I would like to build a computer cluster that can run applications over the cluster that were not specifically designed for computer clusters and still see the performance increase. One use would be for video games, but I would also like to utilize the increased computing power for running a large network of virtualized machines.
It won't help, especially in the case of video games. You have to build around the cluster; the cluster does not work around you.
At any rate, video games require sub-50ms response time on input and response,and network propagation would just destroy any performance gains you might see. Video processing, on the other hand, benefits GREATLY from the cluster as the task is inherently geared toward parallelization. It does not require user input, and output is only measured in terms of the batch process.
If you have a program written for a single core, running it on a four-core processor won't help you (except that one core can be devoted to that program). For example, I have Visual Studio compiling on multiple cores on this machine, but linking is done on one core (and is annoyingly slow). In order to get use out of multiple cores, I have to either run something that can use multiple cores or run several separate programs.
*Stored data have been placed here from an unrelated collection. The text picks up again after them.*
(** Lebesgue measurable sets = completion of the Borel sets w.r.t. mu *)
Definition lmeasurable (A : set (n.-tuple R)) : Prop :=
  exists B N, [/\ measurable B, measurable N, mu N = 0%E &
                  (A `\` B) `|` (B `\` A) `<=` N].

Definition lmeas_fun d' (T' : measurableType d') (U : set (n.-tuple R))
    (h : n.-tuple R -> T') : Prop :=
  forall B, measurable B -> lmeasurable (U `&` h @^-1` B).

Definition ess_sup_on (U : set (n.-tuple R)) (F : n.-tuple R -> \bar R) : \bar R :=
  ereal_inf [set y | \forall x \ae mu, U x -> (F x <= y)%E].

Variable m : nat.

Definition LxB : set (set (n.-tuple R * m.-tuple R)) :=
  <<s [set C | exists A B, [/\ lmeasurable A, measurable B & C = A `*` B]] >>.

Variable U : set (n.-tuple R).

Definition normal_integrand (f : n.-tuple R -> m.-tuple R -> R) : Prop :=
  (forall B : set R, measurable B -> LxB [set p | U p.1 /\ B (f p.1 p.2)]) /\
  (\forall x \ae mu, U x -> tlsc (f x)).

Definition caratheodory (g : n.-tuple R -> m.-tuple R -> R) : Prop :=
  (forall xi, lmeas_fun U (fun x => g x xi)) /\
  (\forall x \ae mu, U x -> tcontinuous (g x)).

Definition C0 (phi : m.-tuple R -> R) : Prop :=
  tcontinuous phi /\
  forall e : R, 0 < e -> exists r : R, forall xi,
    (exists i, r < `|tnth xi i|) -> `|phi xi| < e.

Definition Linf_bounded (u : nat -> n.-tuple R -> m.-tuple R) : Prop :=
  (forall k, lmeas_fun U (u k)) /\
  exists C : R, forall k, \forall x \ae mu, U x -> forall i, `|tnth (u k x) i| <= C.

Definition L1_bounded (G : nat -> n.-tuple R -> R) : Prop :=
  (forall k, lmeas_fun U (G k)) /\
  exists C : R, forall k, (\int[mu]_(x in U) `|G k x|%:E <= C%:E)%E.

Definition equi_integrable (G : nat -> n.-tuple R -> R) : Prop :=
  forall e : R, 0 < e -> exists2 d : R, 0 < d &
    forall E, measurable E -> E `<=` U -> (mu E < d%:E)%E ->
      forall k, (\int[mu]_(x in E) `|G k x|%:E < e%:E)%E.

Definition weak_L1_cvg (G : nat -> n.-tuple R -> R) (Ginf : n.-tuple R -> \bar R) :=
  lmeas_fun U Ginf /\ (\int[mu]_(x in U) `|Ginf x| < +oo)%E /\
  forall h : n.-tuple R -> R, lmeas_fun U h ->
    (exists C : R, \forall x \ae mu, U x -> `|h x| <= C) ->
    (fun k => \int[mu]_(x in U) ((G k x)%:E * (h x)%:E))%E @ \oo -->
    (\int[mu]_(x in U) (Ginf x * (h x)%:E))%E.
(* Let $F\in[0,1]$, $0\le p\le F$, and let $\rho_k=p|\Psi_{00}\rangle\langle\Psi_{00}|+(1-p)\sigma_k\in S_{p,F}$ for $k=1,2$, where $\sigma_1,\sigma_2$ are density operators. Write $\tilde p'_{ij}=p'_{ij}(\sigma_1\otimes\sigma_2)$ and $\tilde F'_{ij}=F'_{ij}(\sigma_1\otimes\sigma_2)$. Then for all $i,j$, $$p'_{ij}(\rho_1\otimes\rho_2)=\frac p2-\frac{p^2}4+(1-p)^2\tilde p'_{ij},\qquad F'_{ij}(\rho_1\otimes\rho_2)=\frac{2pF-p^2+4(1-p)^2\tilde p'_{ij}\tilde F'_{ij}}{2p-p^2+4(1-p)^2\tilde p'_{ij}}.$$
   Context: For qubit registers $(R,T)$, $|\Psi_{ij}\rangle_{RT}=(I_R\otimes(X^iZ^j)_T)\tfrac1{\sqrt2}(|00\rangle+|11\rangle)$. $S_{p,F}$ is the set of two-qubit density operators $\rho$ with $\rho=p|\Psi_{00}\rangle\langle\Psi_{00}|+(1-p)\sigma$ for some density operator $\sigma$ and $\langle\Psi_{00}|\rho|\Psi_{00}\rangle=F$. For two-qubit states $\tau_1$ on $(A_1,B_1)$ and $\tau_2$ on $(A_2,B_2)$: $p'_{ij}(\tau_1\otimes\tau_2)=\mathrm{Tr}[|\Psi_{ij}\rangle\langle\Psi_{ij}|_{A_1A_2}\tau_1\otimes\tau_2]$ and $F'_{ij}(\tau_1\otimes\tau_2)=\frac1{p'_{ij}}\mathrm{Tr}[|\Psi_{ij}\rangle\langle\Psi_{ij}|_{B_1B_2}|\Psi_{ij}\rangle\langle\Psi_{ij}|_{A_1A_2}\tau_1\otimes\tau_2]$. The product $\tilde p'_{ij}\tilde F'_{ij}$ denotes $\mathrm{Tr}[|\Psi_{ij}\rangle\langle\Psi_{ij}|_{B_1B_2}|\Psi_{ij}\rangle\langle\Psi_{ij}|_{A_1A_2}\sigma_1\otimes\sigma_2]$. *)

(* Complex scalars: an arbitrary numClosedFieldType C
   (e.g. the complex numbers R[i] of a real closed field / realType). *)
From mathcomp Require Import all_boot all_order all_algebra.
From mathcomp Require Export mxtens.
Set Implicit Arguments. Unset Strict Implicit. Unset Printing Implicit Defensive.
Import Order.TTheory GRing.Theory Num.Theory.
Local Open Scope ring_scope.

Section Qubits.
Variable C : numClosedFieldType.

Definition adj (m n : nat) (A : 'M[C]_(m, n)) : 'M[C]_(n, m) :=
  map_mx Num.conj (trmx A).

Definition ket (a : 'I_2) : 'cV[C]_2 := delta_mx a 0.
Definition ket0 : 'cV[C]_2 := ket 0.
Definition ket1 : 'cV[C]_2 := ket 1.

Definition PauliX : 'M[C]_2 := \matrix_(i < 2, j < 2) (if i == j then 0 else 1).
Definition PauliZ : 'M[C]_2 :=
  \matrix_(i < 2, j < 2) (if i == j then (if i == 0 then 1 else -1) else 0).

(* unnormalised |00> + |11> on registers (R,T) *)
Definition phi_plus : 'M[C]_(2 * 2, 1 * 1) := ket0 *t ket0 + ket1 *t ket1.

(* sqrt 2 * |Psi_ij> = (I_R (x) (X^i Z^j)_T) (|00> + |11>) *)
Definition psi_un (i j : 'I_2) : 'M[C]_(2 * 2, 1 * 1) :=
  (1%:M *t (PauliX ^+ i *m PauliZ ^+ j)) *m phi_plus.

(* |Psi_ij><Psi_ij| = 1/2 (sqrt 2 |Psi_ij>)(sqrt 2 <Psi_ij|) *)
Definition bell (i j : 'I_2) : 'M[C]_(2 * 2) :=
  (1 / 2%:R) *: (psi_un i j *m adj (psi_un i j)).

Definition psd (n : nat) (A : 'M[C]_n) : Prop :=
  forall v : 'cV[C]_n, 0 <= (adj v *m A *m v) 0 0.
Definition density (n : nat) (A : 'M[C]_n) : Prop := psd A /\ \tr A = 1.

Definition fid00 (rho : 'M[C]_(2 * 2)) : C := \tr (bell 0 0 *m rho).

Definition S_pF (p F : C) (rho : 'M[C]_(2 * 2)) : Prop :=
  (exists sigma : 'M[C]_(2 * 2),
      density sigma /\ rho = p *: bell 0 0 + (1 - p) *: sigma)
  /\ fid00 rho = F.

(* Four qubits.  tau1 (x) tau2 lives on ((A1,B1),(A2,B2)) = tau1 *t tau2.
   SW is the permutation unitary |a1 b1 a2 b2> |-> |a1 a2 b1 b2>. *)
Definition SW : 'M[C]_((2 * 2) * (2 * 2)) :=
  \sum_(a1 < 2) \sum_(b1 < 2) \sum_(a2 < 2) \sum_(b2 < 2)
    (((ket a1 *t ket a2) *t (ket b1 *t ket b2)) *m
      trmx ((ket a1 *t ket b1) *t (ket a2 *t ket b2))).

(* |Psi_ij><Psi_ij|_{A1A2} (x) I_{B1B2}, in the ((A1,B1),(A2,B2)) ordering *)
Definition projA (i j : 'I_2) : 'M[C]_((2 * 2) * (2 * 2)) :=
  adj SW *m (bell i j *t 1%:M) *m SW.
(* I_{A1A2} (x) |Psi_ij><Psi_ij|_{B1B2}, in the ((A1,B1),(A2,B2)) ordering *)
Definition projB (i j : 'I_2) : 'M[C]_((2 * 2) * (2 * 2)) :=
  adj SW *m (1%:M *t bell i j) *m SW.
Lemma smooth_upto_S n k f : smooth_upto n (S k) f <->
  cont_pdiff n f /\ forall i, (i < n)%nat -> smooth_upto n k (pd i f).
Proof.
  split.
  - intros H. split.
    + apply (H []); simpl; [lia|tauto].
    + intros i Hi ds Hl Hds. rewrite <- iterpd_app. apply H.
      * rewrite length_app; simpl; lia.
      * intros j Hj. apply in_app_or in Hj as [Hj|[<-|[]]]; auto.
  - intros [H0 H] ds Hl Hds.
    destruct ds as [|j ds0]; [exact H0|].
    destruct (exists_last (l := j :: ds0) ltac:(discriminate)) as [ds' [i E]].
    rewrite E in *. rewrite iterpd_app. rewrite length_app in Hl. simpl in Hl.
    apply H.
    + apply Hds, in_or_app. simpl; auto.
    + lia.
    + intros m Hm. apply Hds, in_or_app. auto.
Qed.

Lemma smooth_upto_le n k k' f : (k' <= k)%nat -> smooth_upto n k f -> smooth_upto n k' f.
Proof. intros Hk H ds Hl Hds. apply H; auto; lia. Qed.

Lemma cont_const n c x : cont_at n (fun _ => c) x.
Proof. intros eps He. exists 1. split; [lra|]. intros y _. rewrite Rminus_diag, Rabs_R0. lra. Qed.

Lemma cont_plus n f g x :
  cont_at n f x -> cont_at n g x -> cont_at n (fun y => f y + g y) x.
Proof.
  intros Hf Hg eps He.
  destruct (Hf (eps/2)) as [d1 [Hd1 H1]]; [lra|].
  destruct (Hg (eps/2)) as [d2 [Hd2 H2]]; [lra|].
  exists (Rmin d1 d2). split; [apply Rmin_pos; auto|].
  intros y Hy.
  assert (A1 : Rabs (f y - f x) < eps/2).
  { apply H1. intros k Hk. specialize (Hy k Hk). pose proof (Rmin_l d1 d2). lra. }
  assert (A2 : Rabs (g y - g x) < eps/2).
  { apply H2. intros k Hk. specialize (Hy k Hk). pose proof (Rmin_r d1 d2). lra. }
  replace (f y + g y - (f x + g x)) with ((f y - f x) + (g y - g x)) by ring.
  pose proof (Rabs_triang (f y - f x) (g y - g x)). lra.
Qed.
Lemma Iband_rep_idem a : idem S0_mul (full S0) (exist U (Irep a) (proj1 (Irep_spec a))).
Proof. split; [exact I | apply val_inj; exact (proj1 (proj2 (Irep_spec a)))]. Qed.
Lemma Irep_Iof_rep a : Irep (Iof (exist U (Irep a) (proj1 (Irep_spec a)))) = Irep a.
Proof. rewrite Irep_Iof, (S0_plus_idem_id (proj2 (Iband_rep_idem a))); reflexivity. Qed.

Lemma Iband_transversal a : exists e, idem S0_mul (full S0) e /\ inverse Imul a (Iof e) /\
  forall e', idem S0_mul (full S0) e' -> inverse Imul a (Iof e') -> e' = e.
Proof.
  exists (exist U (Irep a) (proj1 (Irep_spec a))); split; [apply Iband_rep_idem|].
  pose proof (Irep_spec a) as [Ua [Ha Ga]]; split.
  - split; apply val_inj; cbn [proj1_sig Imul Iof]; rewrite !Irep_Iof_rep.
    + rewrite Iband_mul_Irep; apply Iband_mul_Irep.
    + rewrite (S0_plus_idem_id (proj2 (Iband_rep_idem a))); cbn [proj1_sig Imul Iof].
      rewrite Ha, Ha; reflexivity.
  - intros e' [_ He'] [I1 I2]; apply val_inj; cbn [proj1_sig Imul Iof].
    apply (f_equal (@proj1_sig _ _)) in I1, I2; cbn [proj1_sig Imul Iof] in I1, I2.
    rewrite Irep_Iof, (S0_plus_idem_id He') in I1, I2.
    refine (GreenL_inverse_idem_eq mulA_S I I I (f_equal (@proj1_sig _ _) He') _ Ga I1 I2).
    apply U_idem_comm; [exact Ua | exact (proj2_sig e') | exact Ha
      | exact (f_equal (@proj1_sig _ _) He')].
Qed.

Lemma Iband_cover a : exists e, idem S0_mul (full S0) e /\ GreenL Imul (full Iband) a (Iof e).
Proof.
  exists (exist U (Irep a) (proj1 (Irep_spec a))); split; [apply Iband_rep_idem|].
  apply Iband_GreenLE; rewrite Irep_Iof_rep; reflexivity.
Qed.

Definition in_Lband (f : T) : Prop :=
  mul f f = f /\ exists q, U q /\ mul q q = q /\ GreenR mul S f q.
Definition Lband : Type := sig in_Lband.
Definition Lrep (a : Lband) : T :=
  proj1_sig (constructive_indefinite_description _ (proj2 (proj2_sig a))).

Lemma Lrep_spec a : U (Lrep a) /\ mul (Lrep a) (Lrep a) = Lrep a /\
  GreenR mul S (proj1_sig a) (Lrep a).
Proof. exact (proj2_sig (constructive_indefinite_description _ (proj2 (proj2_sig a)))). Qed.
Lemma Lband_idem (a : Lband) : mul (proj1_sig a) (proj1_sig a) = proj1_sig a.
Proof. exact (proj1 (proj2_sig a)). Qed.
Lemma Lrep_mul_Lband a : mul (Lrep a) (proj1_sig a) = proj1_sig a.
Proof. destruct (Lrep_spec a) as [_ [H G]]; exact (GreenR_idem_mul mulA_S I H G). Qed.
Lemma Lrep_eq a q : U q -> mul q q = q -> GreenR mul S (proj1_sig a) q -> Lrep a = q.
Proof.
  intros Uq Hq G; destruct (Lrep_spec a) as [Ua [Ha Ga]].
  exact (GreenR_idem_uniq mulA_S I I I (Lband_idem a) Ha Hq (U_idem_comm Ua Uq Ha Hq) Ga G).
Qed.
Lemma Lrep_comm a b : mul (Lrep a) (Lrep b) = mul (Lrep b) (Lrep a).
Proof.
  destruct (Lrep_spec a) as [Ua [Ha _]], (Lrep_spec b) as [Ub [Hb _]].
  exact (U_idem_comm Ua Ub Ha Hb).
Qed.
Clusters are like that, only more so. All communication between the machines is explicit and must be programmed in. There are things you can do with a cluster (see Google's map-reduce algorithm), but they do require special programming and work.
Typical clusters are used either to specialize machines (one might be a database server and one a web server, for example), or to run large numbers of programs simultaneously.
You will not be able to easily run a video game on a cluster, unless it was already designed to work on multiple machines. I have not heard of such a game. You may have some luck creating a virtual server farm, but I doubt it will be easy to get it working perfectly. If you are interested in this, one example would be amazon's EC2 service. They offer virtual machines for "rent" by the hour. Behind the scenes, I assume they have a giant cluster that is supplying all of these virtual machines.
Unfortunately, unless you have some pretty clever operating system / software design in mind - simply connecting programs together via a cluster and hoping to get increased performance is not likely to work - especially not for video games. In order to get increased performance from running things in a cluster you have to program for it otherwise there is a good change you'd see a decrease in performance rather than an increase.